WORK REQUEST. From the listing below, return each line that includes "first".

PROVIDED RECORDS.
(* Differentiating (ii) turns it into the Volterra equation of the second kind
     Γ(t) = g(t) + ∫_0^t k(t - s) Γ(s) ds,  k(u) = w'(e^-u) e^-u,  g(t) = d/dt (e^-t - w(e^-t)),
   whose continuous solution Γ, obtained by Picard iteration, satisfies (ii) on [0, T].
   Γ(0) = w'(1) - 1 > 0.  Since w'(0) > 1, e^-T - w(e^-T) < 0 for some T, and as w >= 0 this
   forces Γ to vanish in [0, T]; γ is Γ stopped at its first zero t0.
   For t > t0 the quantity in (iii) is H(e^-t), where H(z) = z - w(z) - ∫_0^t0 w(z e^s) Γ(s) ds
   satisfies H(0) = H(X) = 0 and, by the Volterra equation at t0, H'(X) = 0, with X = e^-t0.
   Since w''' > 0, the divided difference H[0, x, X, X] is negative for 0 < x < X, and with
   these three vanishing values it is a positive multiple of H(x). *)

(* Coquelicot states these over abstract normed modules; in that form they do not unify with
   Rplus, Rmult, ... under apply or rewrite. *)
Lemma continuous_Rplus (f g : R -> R) x :
  continuous f x -> continuous g x -> continuous (fun y => f y + g y) x.
Proof. apply (continuous_plus f g). Qed.

Lemma continuous_Rminus (f g : R -> R) x :
  continuous f x -> continuous g x -> continuous (fun y => f y - g y) x.
Proof. apply (continuous_minus f g). Qed.

Lemma continuous_Rmult (f g : R -> R) x :
  continuous f x -> continuous g x -> continuous (fun y => f y * g y) x.
Proof. apply (continuous_mult f g). Qed.

Lemma continuous_Ropp (f : R -> R) x : continuous f x -> continuous (fun y => - f y) x.
Proof. apply (continuous_opp f). Qed.

Lemma continuous_Rcomp (f g : R -> R) x :
  continuous f x -> continuous g (f x) -> continuous (fun y => g (f y)) x.
Proof. apply (continuous_comp f g). Qed.

Lemma continuous_of_ex_derive (f : R -> R) x : ex_derive f x -> continuous f x.
Proof. apply (ex_derive_continuous (V := R_NormedModule) f). Qed.
(* Assume $0<\beta\le\alpha<\sqrt n$ and $e\in\mathbb{R}^n$ satisfies $\|e\|=\sqrt n$. Let $\bar x$ be any point of $\partial K_e(\alpha)$ other than the origin. Assume $v\ne0$ lies in the tangent space to $\partial K_e(\alpha)$ at $\bar x$, and also lies in the tangent space to $\partial K_e(\beta)$ at some point other than the origin. Then the angle $\theta$ between $\bar x$ and $v$ satisfies $|\cos\theta|\le\beta/\alpha$.
   Context: $\mathbb{R}^n$ carries the dot product and Euclidean norm. For $0<\gamma<\sqrt n$, $K_e(\gamma)=\{x:e^Tx\ge\gamma\|x\|\}$, and $\partial$ denotes boundary. For $0\ne z\in\partial K_e(\gamma)$, the tangent space to $\partial K_e(\gamma)$ at $z$ is $\{u:(e^Tz)(e^Tu)-\gamma^2z^Tu=0\}$ (the tangent space of the quadric $(e^Tx)^2-\gamma^2\|x\|^2=0$ at $z$). *)

From HB Require Import structures.
From mathcomp Require Import all_boot all_order all_algebra.
From mathcomp Require Import all_classical all_reals all_analysis.
Set Implicit Arguments. Unset Strict Implicit. Unset Printing Implicit Defensive.
Import Order.TTheory GRing.Theory Num.Theory.
Import numFieldNormedType.Exports.
Local Open Scope classical_set_scope.
Local Open Scope ring_scope.

Definition dotp (R : realType) (n : nat) (u v : 'rV[R]_n) : R :=
  \sum_(i < n) u ord0 i * v ord0 i.

Definition enorm (R : realType) (n : nat) (u : 'rV[R]_n) : R :=
  Num.sqrt (dotp u u).

Definition Kcone (R : realType) (n : nat) (e : 'rV[R]_n) (g : R) : set 'rV[R]_n :=
  [set x | g * enorm x <= dotp e x].

Definition bdry (R : realType) (n : nat) (A : set 'rV[R]_n) : set 'rV[R]_n :=
  closure A `\` interior A.

Definition tangent_space (R : realType) (n : nat) (e : 'rV[R]_n) (g : R)
    (z : 'rV[R]_n) : set 'rV[R]_n :=
  [set u | dotp e z * dotp e u - g ^+ 2 * dotp z u = 0].

From HB Require Import structures.
From mathcomp Require Import all_boot all_order all_algebra.
From mathcomp Require Import all_classical all_reals all_analysis.
From mathcomp Require Import ring.
Import Order.TTheory GRing.Theory Num.Theory.
Import numFieldNormedType.Exports.
Local Open Scope classical_set_scope.
Local Open Scope ring_scope.

(* On the boundary of K_e(g) one has e.x = g |x|, so the tangent condition at
   such a point z reads |z| (e.v) = g (z.v).  At the point of the beta-cone this
   and Cauchy-Schwarz give |e.v| <= beta |v|; at xbar it gives
   alpha |xbar.v| = |xbar| |e.v| <= beta |xbar| |v|. *)

Lemma continuous_sum (T : topologicalType) (R : realType) (I : Type)
    (r : seq I) (F : I -> T -> R) :
  (forall i, continuous (F i)) -> continuous (fun x => \sum_(i <- r) F i x).
Proof.
move=> Fc x; elim: r => [|i r IHr].
  under eq_fun do rewrite big_nil.
  exact: cst_continuous.
under eq_fun do rewrite big_cons.
exact: (continuousD (Fc i x) IHr).
Qed.

Lemma bdry_le_eq (T : topologicalType) (R : realType) (f h : T -> R) (x : T) :
  continuous f -> continuous h ->
  closure [set y | f y <= h y] x -> ~ interior [set y | f y <= h y] x ->
  f x = h x.
Proof.
move=> fc hc cl nint.
have dc : continuous (fun y => h y - f y) by move=> y; exact: (continuousB (hc y) (fc y)).
have [fh|hf|//] := ltgtP (f x) (h x).
- exfalso; apply: nint.
  have nb : nbhs (h x - f x) [set r : R | 0 < r].
    by apply: open_nbhs_nbhs; split; [exact: open_gt | rewrite /= subr_gt0].
  have : nbhs x ((fun y => h y - f y) @^-1` [set r | 0 < r]) := dc x _ nb.
  rewrite /interior /=; apply: filterS => y /=.
  by rewrite subr_gt0 => /ltW.
- have nb : nbhs (h x - f x) [set r : R | r < 0].
    by apply: open_nbhs_nbhs; split; [exact: open_lt | rewrite /= subr_lt0].
  have [y [/= fhy]] := cl _ (dc x _ nb).
  by rewrite subr_lt0 => /(le_lt_trans fhy); rewrite ltxx.
Qed.

Section Dotp.
Context {R : realType} {n : nat}.
Implicit Types (e u v x z : 'rV[R]_n).

Lemma dotpC u v : dotp u v = dotp v u.
Proof. by apply: eq_bigr => i _; rewrite mulrC. Qed.

Lemma dotp0l v : dotp 0 v = 0.
Proof. by rewrite /dotp big1 // => i _; rewrite mxE mul0r. Qed.

Lemma dotp_ge0 u : 0 <= dotp u u.
Proof. by apply: sumr_ge0 => i _; rewrite -expr2 sqr_ge0. Qed.

Lemma dotp_eq0 u : (dotp u u == 0) = (u == 0).
Proof.
apply/idP/eqP => [|->]; last by rewrite dotp0l.
rewrite psumr_eq0 => [/allP u0|i _]; last by rewrite -expr2 sqr_ge0.
apply/rowP => j; rewrite mxE.
by have /implyP/(_ isT) := u0 j (mem_index_enum j); rewrite mulf_eq0 orbb => /eqP.
Qed.

Lemma dotp_quad u v (a b : R) :
  dotp (a *: u + b *: v) (a *: u + b *: v) =
  a ^+ 2 * dotp u u + 2 * a * b * dotp u v + b ^+ 2 * dotp v v.
Proof.
rewrite /dotp !mulr_sumr -!big_split /=; apply: eq_bigr => i _.
by rewrite !mxE; ring.
Qed.

Lemma enorm_sqr u : enorm u ^+ 2 = dotp u u.
Proof. by rewrite /enorm sqr_sqrtr // dotp_ge0. Qed.

Lemma enorm_ge0 u : 0 <= enorm u.
Proof. exact: sqrtr_ge0. Qed.

Lemma enorm_gt0 u : u != 0 -> 0 < enorm u.
Proof. by move=> u0; rewrite /enorm sqrtr_gt0 lt0r dotp_eq0 u0 dotp_ge0. Qed.

Lemma cauchy_schwarz u v : `|dotp u v| <= enorm u * enorm v.
Proof.
have [->|v0] := eqVneq v 0; first by rewrite dotpC dotp0l normr0 mulr_ge0 ?enorm_ge0.
set d := dotp u v; set a := enorm u; set b := enorm v.
(* |b^2 u - d v|^2 = b^2 (a^2 b^2 - d^2) *)
have := dotp_ge0 (b ^+ 2 *: u + (- d) *: v).
rewrite dotp_quad -!enorm_sqr -/a -/b -/d => q.
have b2 : 0 < b ^+ 2 by rewrite exprn_gt0 // enorm_gt0.
have d2 : d ^+ 2 <= (a * b) ^+ 2.
  rewrite -(ler_pM2l b2) -subr_ge0.
  rewrite (_ : _ - _ = (b ^+ 2) ^+ 2 * a ^+ 2 + 2 * b ^+ 2 * - d * d + (- d) ^+ 2 * b ^+ 2) //.
  by ring.
by rewrite -ler_sqr ?nnegrE ?mulr_ge0 ?enorm_ge0 // real_normK ?num_real.
Qed.

Lemma dotp_continuous u : continuous (dotp u).
Proof.
apply: continuous_sum => i x.
by apply: continuousM; [exact: cst_continuous | exact: coord_continuous].
Qed.

Lemma enorm_continuous : continuous (fun u : 'rV[R]_n => enorm u).
Proof.
move=> x; apply: (continuous_comp (f := fun y : 'rV[R]_n => dotp y y)).
  by apply: continuous_sum => i y; apply: continuousM; exact: coord_continuous.
exact: sqrt_continuous.
Qed.

Lemma bdry_Kcone e (g : R) x : bdry (Kcone e g) x -> dotp e x = g * enorm x.
Proof.
move=> [cl nint]; symmetry; apply: bdry_le_eq cl nint => //.
- by move=> y; apply: continuousM; [exact: cst_continuous | exact: enorm_continuous].
- exact: dotp_continuous.
Qed.

Lemma tangent_space_bdry {e} {g : R} {z v} : 0 < g ->
  bdry (Kcone e g) z -> tangent_space e g z v ->
  enorm z * dotp e v = g * dotp z v.
Proof.
move=> g0 /bdry_Kcone ez; rewrite /tangent_space /= ez => t.
apply: (mulfI (lt0r_neq0 g0)); apply/eqP; rewrite -subr_eq0 -t.
by apply/eqP; ring.
Qed.

Lemma tangent_space_bdry_le {e} {g : R} {z v} : 0 < g -> z != 0 ->
  bdry (Kcone e g) z -> tangent_space e g z v ->
  `|dotp e v| <= g * enorm v.
Proof.
move=> g0 z0 bz /(tangent_space_bdry g0 bz) t.
have z_gt0 := enorm_gt0 _ z0.
rewrite -(ler_pM2l z_gt0) -(ger0_norm (ltW z_gt0)) -normrM t normrM.
rewrite (gtr0_norm g0) (ger0_norm (ltW z_gt0)) mulrCA ler_wpM2l ?(ltW g0) //.
exact: cauchy_schwarz.
Qed.

End Dotp.

(* The bounds alpha < sqrt n and |e| = sqrt n only make the cones proper; the
   estimate does not use them. *)
Theorem lemma5p2 (R : realType) (n : nat) (alpha beta : R) (e xbar v : 'rV[R]_n) :
  0 < beta -> beta <= alpha -> alpha < Num.sqrt n%:R ->
  enorm e = Num.sqrt n%:R ->
  bdry (Kcone e alpha) xbar -> xbar != 0 ->
  v != 0 ->
  tangent_space e alpha xbar v ->
  (exists z : 'rV[R]_n, [/\ bdry (Kcone e beta) z, z != 0 & tangent_space e beta z v]) ->
  `| dotp xbar v / (enorm xbar * enorm v) | <= beta / alpha.
Proof.
move=> beta0 le_beta_alpha _ _ bx x0 v0 tx [z [bz z0 tz]].
have alpha0 : 0 < alpha by apply: lt_le_trans le_beta_alpha.
have xv := tangent_space_bdry alpha0 bx tx.
have ev := tangent_space_bdry_le beta0 z0 bz tz.
have x_gt0 := enorm_gt0 _ x0; have v_gt0 := enorm_gt0 _ v0.
have bound : alpha * `|dotp xbar v| <= beta * (enorm xbar * enorm v).
  rewrite -(gtr0_norm alpha0) -normrM -xv normrM (gtr0_norm x_gt0).
  by rewrite mulrCA ler_wpM2l // ltW.
rewrite normrM normfV (gtr0_norm (mulr_gt0 x_gt0 v_gt0)) ler_pdivrMr ?mulr_gt0 //.
by rewrite mulrAC ler_pdivlMr // mulrC.
Qed.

COMPLETED TASK.
   forces Γ to vanish in [0, T]; γ is Γ stopped at its first zero t0.
have [->|v0] := eqVneq v 0; first by rewrite dotpC dotp0l normr0 mulr_ge0 ?enorm_ge0.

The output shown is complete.